About this exercise: Go to the line holding "words whose upper" in the entries below and write out exactly every line down to and including the line holding "Lemma size_flatten_map_le (T".

Given data:
(* For every $y\in[0,1]$, the closure $\overline{R^{-1}(y)}$ of the fiber $R^{-1}(y)$ is a Cantor set of Lebesgue measure zero, and $\overline{R^{-1}(y)}\setminus R^{-1}(y)\subset\mathscr D$ (in particular this remainder is countable).
   Context: Define $\rho$ on binary words: for $b=b_1b_2\dots$, $\rho(b)$ is obtained by deleting every digit $b_n=0$ and replacing every $b_n=1$ by $0$ if $n$ is odd and by $1$ if $n$ is even. For $x\in(0,1]$ let $\beta(x)$ be the unique binary expansion of $x$ with infinitely many $1$'s. Define $R:[0,1]\to[0,1]$ by $R(0)=2/3$ and, for $x\in(0,1]$, $R(x)=\sum_{n\ge1}c_n2^{-n}$ where $c=\rho(\beta(x))$. $\mathscr D$ is the set of dyadic rationals in $[0,1]$. *)

From HB Require Import structures.
From mathcomp Require Import all_boot all_order all_algebra.
From mathcomp Require Import all_classical all_reals.
From mathcomp Require Import topology normedtype sequences measure lebesgue_measure.
Set Implicit Arguments. Unset Strict Implicit. Unset Printing Implicit Defensive.
Import Order.TTheory GRing.Theory Num.Theory.
Import numFieldNormedType.Exports.
Local Open Scope classical_set_scope.
Local Open Scope ring_scope.

(* Binary words are infinite sequences [b : nat -> bool]; the digit
   b_n (n >= 1) is [b n]; the value [b 0] is ignored. *)

Definition is_binary_expansion {R : realType} (x : R) (b : nat -> bool) :=
  (fun N : nat => \sum_(1 <= n < N) ((b n)%:R / 2 ^+ n : R)) @ \oo --> x.

Definition infinitely_many_ones (b : nat -> bool) :=
  forall N : nat, exists n : nat, (N < n)%N /\ b n.

(* beta(x): the (unique, for x in (0,1]) binary expansion of x with
   infinitely many 1's. *)
Definition beta {R : realType} (x : R) : nat -> bool :=
  get [set b | is_binary_expansion x b /\ infinitely_many_ones b].

Definition ones_upto (b : nat -> bool) (m : nat) : nat :=
  \sum_(1 <= k < m.+1) (b k : nat).

(* rho(b) for an infinite word b with infinitely many 1's:
   the 1 at position m of b (which is the (ones_upto b m)-th 1) becomes
   the (ones_upto b m)-th digit of rho(b), equal to 0 if m is odd and 1
   if m is even; zeros of b are deleted.  Digit c_n (n >= 1) is [rho b n]. *)
Definition rho (b : nat -> bool) (n : nat) : bool :=
  `[< exists m : nat, [/\ (1 <= m)%N, b m, ~~ odd m & ones_upto b m = n] >].

Definition Rmap {R : realType} (x : R) : R :=
  if x == 0 then 2 / 3
  else limn (fun N : nat => \sum_(1 <= n < N) ((rho (beta x) n)%:R / 2 ^+ n : R)).

Definition fiber {R : realType} (y : R) : set R :=
  [set x | 0 <= x <= 1 /\ Rmap x = y].

Definition dyadic {R : realType} : set R :=
  [set x | 0 <= x <= 1 /\ exists k n : nat, x = k%:R / 2 ^+ n].

Definition cantor_set {T : topologicalType} (A : set T) :=
  [/\ A !=set0, compact A, perfect_set A & totally_disconnected A].

From HB Require Import structures.
From mathcomp Require Import all_boot all_order all_algebra.
From mathcomp Require Import all_classical all_reals.
From mathcomp Require Import topology normedtype sequences measure lebesgue_measure.
From mathcomp Require Import measurable_realfun lra ring zify.
Import Order.TTheory GRing.Theory Num.Theory.
Import numFieldNormedType.Exports.
Local Open Scope classical_set_scope.
Local Open Scope ring_scope.

Set Implicit Arguments.
Unset Strict Implicit.
Unset Printing Implicit Defensive.

(* Binary expansions are handled through "windows": [x] lies in the upper
   window of level n of a word d when psum d n < x <= psum d n + 2^-n.  The
   words whose upper windows all contain x are exactly the words agreeing
   with [beta x] (from digit 1 on), and the same uniqueness holds for the
   half-open-on-the-right lower windows, which capture the expansions with
   finitely many 1's.  On the combinatorial side, digit j of [rho b] depends
   only on the first j 1's of b, any word c equals [rho (encode c)], and
   inserting two 0's into b ([pad]) does not change [rho b].

   The properties of F then follow:
   - nonempty: the value of [encode c], c an expansion of y, lies in the fiber;
   - perfect: padding the expansion of a fiber point x far out gives another
     fiber point [squeeze x N] as close to x as wanted (and near 0 the fiber
     contains the points x / 4^k);
   - measure zero: [rho (beta x)] is one of the two expansions of y, which
     leaves 3 of the 4 choices for each pair of digits of [beta x]; so the
     fiber, and hence its closure, is covered by 2 * 3^L intervals of length
     4^-L;
   - totally disconnected: a null subset of R contains no segment;
   - F \ R^{-1}(y) is dyadic: at a non-dyadic point z of F, fiber points
     close to z share many digits with [beta z], so [Rmap z] is within any
     2^-K of y, i.e. z is in the fiber. *)

Lemma closure_sub_closed (T : topologicalType) (A B : set T) :
  closed B -> A `<=` B -> closure A `<=` B.
Proof. by move=> cB AB; rewrite closureE; apply: smallest_sub. Qed.

Lemma size_flatten_map_le (T U : Type) (f : T -> seq U) (k : nat) (s : seq T) :
  (forall t, size (f t) <= k)%N -> (size (flatten (map f s)) <= k * size s)%N.
Proof.
move=> fk; elim: s => [|t s IH] /=; first by rewrite muln0.
by rewrite size_cat mulnS leq_add.
Qed.

(* Digit 0 of a word is ignored everywhere: words are compared from digit 1. *)
Definition agree (d d' : nat -> bool) := forall k, (0 < k)%N -> d k = d' k.
Definition agree_upto (n : nat) (d d' : nat -> bool) :=
  forall k, (0 < k <= n)%N -> d k = d' k.

Section Words.
Implicit Types (b c d : nat -> bool).

Lemma not_infinitely_many_ones d :
  ~ infinitely_many_ones d -> exists N, forall k, (N < k)%N -> d k = false.
Proof.
move=> H; apply: contrapT => H1; apply: H => N; apply: contrapT => H2; apply: H1.
by exists N => k Nk; apply/negbTE/negP => dk; apply: H2; exists k.
Qed.

Lemma ones_upto0 d : ones_upto d 0 = 0%N.
Proof. by rewrite /ones_upto big_geq. Qed.

Lemma ones_uptoS d m : ones_upto d m.+1 = (ones_upto d m + d m.+1)%N.
Proof. by rewrite /ones_upto big_nat_recr. Qed.

Lemma ones_upto_nondecr d m n : (m <= n)%N -> (ones_upto d m <= ones_upto d n)%N.
Proof.
elim: n => [|n IH]; first by rewrite leqn0 => /eqP ->.
rewrite leq_eqVlt ltnS => /orP [/eqP -> //|/IH H].
by rewrite ones_uptoS; apply: (leq_trans H); rewrite leq_addr.
Qed.
(* The uniform laws are measures on [measurableTypeR R]; typing the pair
   there lets its law be compared with their product. *)
Definition pair_RV (w : T) : measurableTypeR R * measurableTypeR R :=
  (X w, Y w).

Lemma measurable_pair_RV : measurable_fun setT pair_RV.
Proof.
by apply: measurable_fun_pair;
  [exact: (measurable_funPT X)|exact: (measurable_funPT Y)].
Qed.

HB.instance Definition _ :=
  isMeasurableFun.Build _ _ _ _ pair_RV measurable_pair_RV.

Lemma indep2_distribution_pair
    (mu nu : {sigma_finite_measure set (measurableTypeR R) -> \bar R}) :
  indep2 X Y ->
  (forall A, measurable A -> distribution P X A = mu A) ->
  (forall B, measurable B -> distribution P Y B = nu B) ->
  forall S, measurable S -> distribution P pair_RV S = (mu \x nu)%E S.
Proof.
move=> XY muX nuY S mS.
rewrite (product_measure_unique (m' := distribution P pair_RV)) //.
move=> A B mA mB.
by rewrite -muX // -nuY // -XY.
Qed.

Lemma probLe_uniform (a b : R) (ha : 0 < a) (hb : 0 < b) :
  indep2 X Y -> is_uniform X 0 a -> is_uniform Y 0 b ->
  probLe X Y = (uniform_le_prob a b)%:E.
Proof.
move=> XY uX uY; rewrite -(product_uniform_le ha hb).
apply: (indep2_distribution_pair XY); last exact: measurable_fst_le_snd.
- by move=> A mA; rewrite uX.
- by move=> B mB; rewrite uY.
Qed.

End joint_law.

Section error_regimes.
Context {R : realFieldType}.
Variables (p n : nat) (L C1 C2 hs hb1 hb2 h : R).
Hypotheses (p_gt0 : (0 < p)%N) (n_gt0 : (0 < n)%N).
Hypotheses (L_gt0 : 0 < L) (C1_gt0 : 0 < C1) (C2_gt0 : 0 < C2).
Hypotheses (hs_gt0 : 0 < hs) (hb1_gt0 : 0 < hb1) (hb2_gt0 : 0 < hb2).
Hypotheses (hsE : C2 * hs ^+ n = C1) (hb1E : C1 * hb1 ^+ p = L).
Hypothesis hb2E : C2 * hb2 ^+ (p + n) = L.
Hypothesis h_gt0 : 0 < h.

Let pn_gt0 : (0 < p + n)%N. Proof. by rewrite addn_gt0 p_gt0. Qed.
Let h_ge0 : 0 <= h. Proof. exact: ltW. Qed.
Let hs_ge0 : 0 <= hs. Proof. exact: ltW. Qed.
Let hb1_ge0 : 0 <= hb1. Proof. exact: ltW. Qed.
Let hb2_ge0 : 0 <= hb2. Proof. exact: ltW. Qed.

Lemma hb2_exprE : hb2 ^+ (p + n) = hb1 ^+ p * hs ^+ n.
Proof.
apply: (mulfI (lt0r_neq0 C2_gt0)); rewrite hb2E -hb1E -hsE.
by rewrite -mulrA [_ * hb1 ^+ p]mulrC.
Qed.

Lemma hb1_le_hb2 : hb1 <= hs -> hb1 <= hb2.
Proof.
move=> hb1_hs; rewrite -(ler_pXn2r pn_gt0) ?nnegrE // hb2_exprE exprD.
by rewrite ler_pM2l ?exprn_gt0 // ler_pXn2r.
Qed.

Lemma hb2_le_hb1 : hs <= hb1 -> hb2 <= hb1.
Proof.
move=> hs_hb1; rewrite -(ler_pXn2r pn_gt0) ?nnegrE // hb2_exprE exprD.
by rewrite ler_pM2l ?exprn_gt0 // ler_pXn2r.
Qed.

Lemma le_L_hb1 : (C1 * h ^+ p <= L) = (h <= hb1).
Proof. by rewrite -hb1E ler_pMXn2l. Qed.

Lemma ge_L_hb1 : (L <= C1 * h ^+ p) = (hb1 <= h).
Proof. by rewrite -hb1E ler_pMXn2l. Qed.

Lemma le_L_hb2 : (C2 * h ^+ (p + n) <= L) = (h <= hb2).
Proof. by rewrite -hb2E ler_pMXn2l. Qed.

Lemma ge_L_hb2 : (L <= C2 * h ^+ (p + n)) = (hb2 <= h).
Proof. by rewrite -hb2E ler_pMXn2l. Qed.

Lemma le_hs : (C2 * h ^+ (p + n) <= C1 * h ^+ p) = (h <= hs).
Proof.
rewrite -hsE exprD mulrCA [X in _ <= X]mulrC.
by rewrite ler_pM2l ?exprn_gt0 // ler_pMXn2l.
Qed.

Lemma ge_hs : (C1 * h ^+ p <= C2 * h ^+ (p + n)) = (hs <= h).
Proof.
rewrite -hsE exprD mulrCA [X in X <= _]mulrC.
by rewrite ler_pM2l ?exprn_gt0 // ler_pMXn2l.
Qed.

Let a := Num.min L (C1 * h ^+ p).
Let b := Num.min L (C2 * h ^+ (p + n)).

Lemma uniform_le_prob_below : h <= hb1 -> h <= hb2 -> h <= hs ->
  uniform_le_prob a b = 2^-1 * (h / hs) ^+ n.
Proof.
move=> h_hb1 h_hb2 h_hs; rewrite /a /b !min_r ?le_L_hb1 ?le_L_hb2 //.
rewrite uniform_le_prob_ge ?le_hs // expr_div_n exprD -hsE.
by field; rewrite !gt_eqF ?exprn_gt0.
Qed.

Lemma uniform_le_prob_above : hb1 <= h -> hb2 <= h ->
  uniform_le_prob a b = 2^-1.
Proof.
move=> hb1_h hb2_h; rewrite /a /b !min_l ?ge_L_hb1 ?ge_L_hb2 //.
by rewrite uniform_le_prob_ge //; field; rewrite gt_eqF.
Qed.

Lemma uniform_le_prob_hb1_hb2 : hb1 <= h -> h <= hb2 ->
  uniform_le_prob a b = 2^-1 * (h / hb2) ^+ (p + n).
Proof.
move=> hb1_h h_hb2; rewrite /a /b min_l ?ge_L_hb1 // min_r ?le_L_hb2 //.
rewrite uniform_le_prob_ge ?le_L_hb2 // expr_div_n -hb2E.
by field; rewrite !gt_eqF ?exprn_gt0.
Qed.

Lemma uniform_le_prob_hs_hb2 : hs <= h -> h <= hb1 -> h <= hb2 ->
  uniform_le_prob a b = 1 - 2^-1 * (hs / h) ^+ n.
Proof.
move=> hs_h h_hb1 h_hb2; rewrite /a /b !min_r ?le_L_hb1 ?le_L_hb2 //.
rewrite uniform_le_prob_le ?ge_hs ?mulr_gt0 ?exprn_gt0 //.
rewrite expr_div_n exprD -hsE.
by field; rewrite !gt_eqF ?exprn_gt0.
Qed.

Lemma uniform_le_prob_hb2_hb1 : hb2 <= h -> h <= hb1 ->
  uniform_le_prob a b = 1 - 2^-1 * (h / hb1) ^+ p.
Proof.
move=> hb2_h h_hb1; rewrite /a /b min_r ?le_L_hb1 // min_l ?ge_L_hb2 //.
rewrite uniform_le_prob_le ?le_L_hb1 ?mulr_gt0 ?exprn_gt0 //.
rewrite expr_div_n -hb1E.
by field; rewrite !gt_eqF ?exprn_gt0.
Qed.

Lemma uniform_le_prob_regimes :
  (Num.max hb1 hb2 <= hs ->
     hb1 <= hb2
     /\ (h <= hb1 -> uniform_le_prob a b = 2^-1 * (h / hs) ^+ n)
     /\ (hb1 <= h <= hb2 -> uniform_le_prob a b = 2^-1 * (h / hb2) ^+ (p + n))
     /\ (hb2 <= h -> uniform_le_prob a b = 2^-1))
  /\
  (hs <= Num.min hb1 hb2 ->
     hb2 <= hb1
     /\ (h <= hs -> uniform_le_prob a b = 2^-1 * (h / hs) ^+ n)
     /\ (hs <= h <= hb2 -> uniform_le_prob a b = 1 - 2^-1 * (hs / h) ^+ n)
     /\ (hb2 <= h <= hb1 -> uniform_le_prob a b = 1 - 2^-1 * (h / hb1) ^+ p)
     /\ (hb1 <= h -> uniform_le_prob a b = 2^-1)).
Proof.
split.
- rewrite ge_max => /andP[hb1_hs hb2_hs]; have hb12 := hb1_le_hb2 hb1_hs.
  split=> //; split; [|split].
  + move=> h_hb1; apply: uniform_le_prob_below => //; exact: le_trans h_hb1 _.
  + by move=> /andP[]; exact: uniform_le_prob_hb1_hb2.
  + by move=> hb2_h; apply: uniform_le_prob_above => //; exact: le_trans hb2_h.
- rewrite le_min => /andP[hs_hb1 hs_hb2]; have hb21 := hb2_le_hb1 hs_hb1.
  split=> //; split; [|split; [|split]].
  + move=> h_hs; apply: uniform_le_prob_below => //; exact: le_trans h_hs _.
  + move=> /andP[hs_h h_hb2]; apply: uniform_le_prob_hs_hb2 => //.
    exact: le_trans h_hb2 _.
  + by move=> /andP[]; exact: uniform_le_prob_hb2_hb1.
  + by move=> hb1_h; apply: uniform_le_prob_above => //; exact: le_trans hb1_h.
Qed.

End error_regimes.

Section error_bound_parameters.
Context {R : realType}.

Lemma beta_gt0 (L C h : R) (k m : nat) :
  0 < L -> 0 < C -> 0 < h -> 0 < beta L C k m h.
Proof. by move=> L0 C0 h0; rewrite lt_min L0 mulr_gt0 ?exprn_gt0. Qed.

Lemma hstar_gt0 (C1 C2 : R) (k1 k2 : nat) :
  0 < C1 -> 0 < C2 -> 0 < hstar C1 C2 k1 k2.
Proof. by move=> C10 C20; rewrite powR_gt0 // divr_gt0. Qed.

Lemma hbar_gt0 (L C : R) (k m : nat) : 0 < L -> 0 < C -> 0 < hbar L C k m.
Proof. by move=> L0 C0; rewrite powR_gt0 // divr_gt0. Qed.

Lemma hstar_exprE (C1 C2 : R) (k1 k2 : nat) :
  0 < C1 -> 0 < C2 -> (k1 < k2)%N ->
  C2 * hstar C1 C2 k1 k2 ^+ (k2 - k1) = C1.
Proof.
move=> C10 C20 k12.
rewrite powR_rootK ?subn_gt0 ?divr_ge0 ?(ltW C10) ?(ltW C20) //.
by rewrite mulrC divfK // gt_eqF.
Qed.

Lemma hbar_exprE (L C : R) (k m : nat) :
  0 < L -> 0 < C -> (m < k + 1)%N ->
  C * hbar L C k m ^+ (k + 1 - m) = L.
Proof.
move=> L0 C0 mk.
rewrite powR_rootK ?subn_gt0 ?divr_ge0 ?(ltW L0) ?(ltW C0) //.
by rewrite mulrC divfK // gt_eqF.
Qed.

End error_bound_parameters.

Theorem theorem2 (R : realType) (m k1 k2 : nat) (L C1 C2 h : R)
  (d : measure_display) (T : measurableType d) (P : probability T R)
  (X1 X2 : {RV P >-> R}) :
  (1 <= m)%N -> (1 <= k1)%N -> (k1 < k2)%N -> (m < k1 + 1)%N ->
  0 < L -> 0 < C1 -> 0 < C2 -> 0 < h ->
  indep2 X1 X2 ->
  is_uniform X1 0 (beta L C1 k1 m h) ->
  is_uniform X2 0 (beta L C2 k2 m h) ->
  let hs := hstar C1 C2 k1 k2 in
  let hb1 := hbar L C1 k1 m in
  let hb2 := hbar L C2 k2 m in
  let Pk := probLe X1 X2 in
  (Num.max hb1 hb2 <= hs ->
     hb1 <= hb2
     /\ (h <= hb1 -> Pk = (2^-1 * (h / hs) ^+ (k2 - k1))%:E)
     /\ (hb1 <= h <= hb2 -> Pk = (2^-1 * (h / hb2) ^+ (k2 + 1 - m))%:E)
     /\ (hb2 <= h -> Pk = (2^-1)%:E))
  /\
  (hs <= Num.min hb1 hb2 ->
     hb2 <= hb1
     /\ (h <= hs -> Pk = (2^-1 * (h / hs) ^+ (k2 - k1))%:E)
     /\ (hs <= h <= hb2 -> Pk = (1 - 2^-1 * (hs / h) ^+ (k2 - k1))%:E)
     /\ (hb2 <= h <= hb1 -> Pk = (1 - 2^-1 * (h / hb1) ^+ (k1 + 1 - m))%:E)
     /\ (hb1 <= h -> Pk = (2^-1)%:E)).
Proof.
move=> _ _ k12 mk1 L_gt0 C1_gt0 C2_gt0 h_gt0 X12 uX1 uX2 hs hb1 hb2 Pk.
have mk2 : (m < k2 + 1)%N by lia.
have k2E : (k2 + 1 - m = (k1 + 1 - m) + (k2 - k1))%N by lia.
have hb2E := hbar_exprE L_gt0 C2_gt0 mk2; rewrite k2E in hb2E.
rewrite /Pk (probLe_uniform (beta_gt0 _ _ L_gt0 C1_gt0 h_gt0)
  (beta_gt0 _ _ L_gt0 C2_gt0 h_gt0) X12 uX1 uX2) /beta k2E !EFin_eqE.
apply: uniform_le_prob_regimes => //;
  by rewrite ?subn_gt0 ?hstar_gt0 ?hbar_gt0 ?hstar_exprE ?hbar_exprE.
Qed.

Written response:
   words whose upper windows all contain x are exactly the words agreeing
   with [beta x] (from digit 1 on), and the same uniqueness holds for the
   half-open-on-the-right lower windows, which capture the expansions with
   finitely many 1's.  On the combinatorial side, digit j of [rho b] depends
   only on the first j 1's of b, any word c equals [rho (encode c)], and
   inserting two 0's into b ([pad]) does not change [rho b].

   The properties of F then follow:
   - nonempty: the value of [encode c], c an expansion of y, lies in the fiber;
   - perfect: padding the expansion of a fiber point x far out gives another
     fiber point [squeeze x N] as close to x as wanted (and near 0 the fiber
     contains the points x / 4^k);
   - measure zero: [rho (beta x)] is one of the two expansions of y, which
     leaves 3 of the 4 choices for each pair of digits of [beta x]; so the
     fiber, and hence its closure, is covered by 2 * 3^L intervals of length
     4^-L;
   - totally disconnected: a null subset of R contains no segment;
   - F \ R^{-1}(y) is dyadic: at a non-dyadic point z of F, fiber points
     close to z share many digits with [beta z], so [Rmap z] is within any
     2^-K of y, i.e. z is in the fiber. *)

Lemma closure_sub_closed (T : topologicalType) (A B : set T) :
  closed B -> A `<=` B -> closure A `<=` B.
Proof. by move=> cB AB; rewrite closureE; apply: smallest_sub. Qed.

Lemma size_flatten_map_le (T U : Type) (f : T -> seq U) (k : nat) (s : seq T) :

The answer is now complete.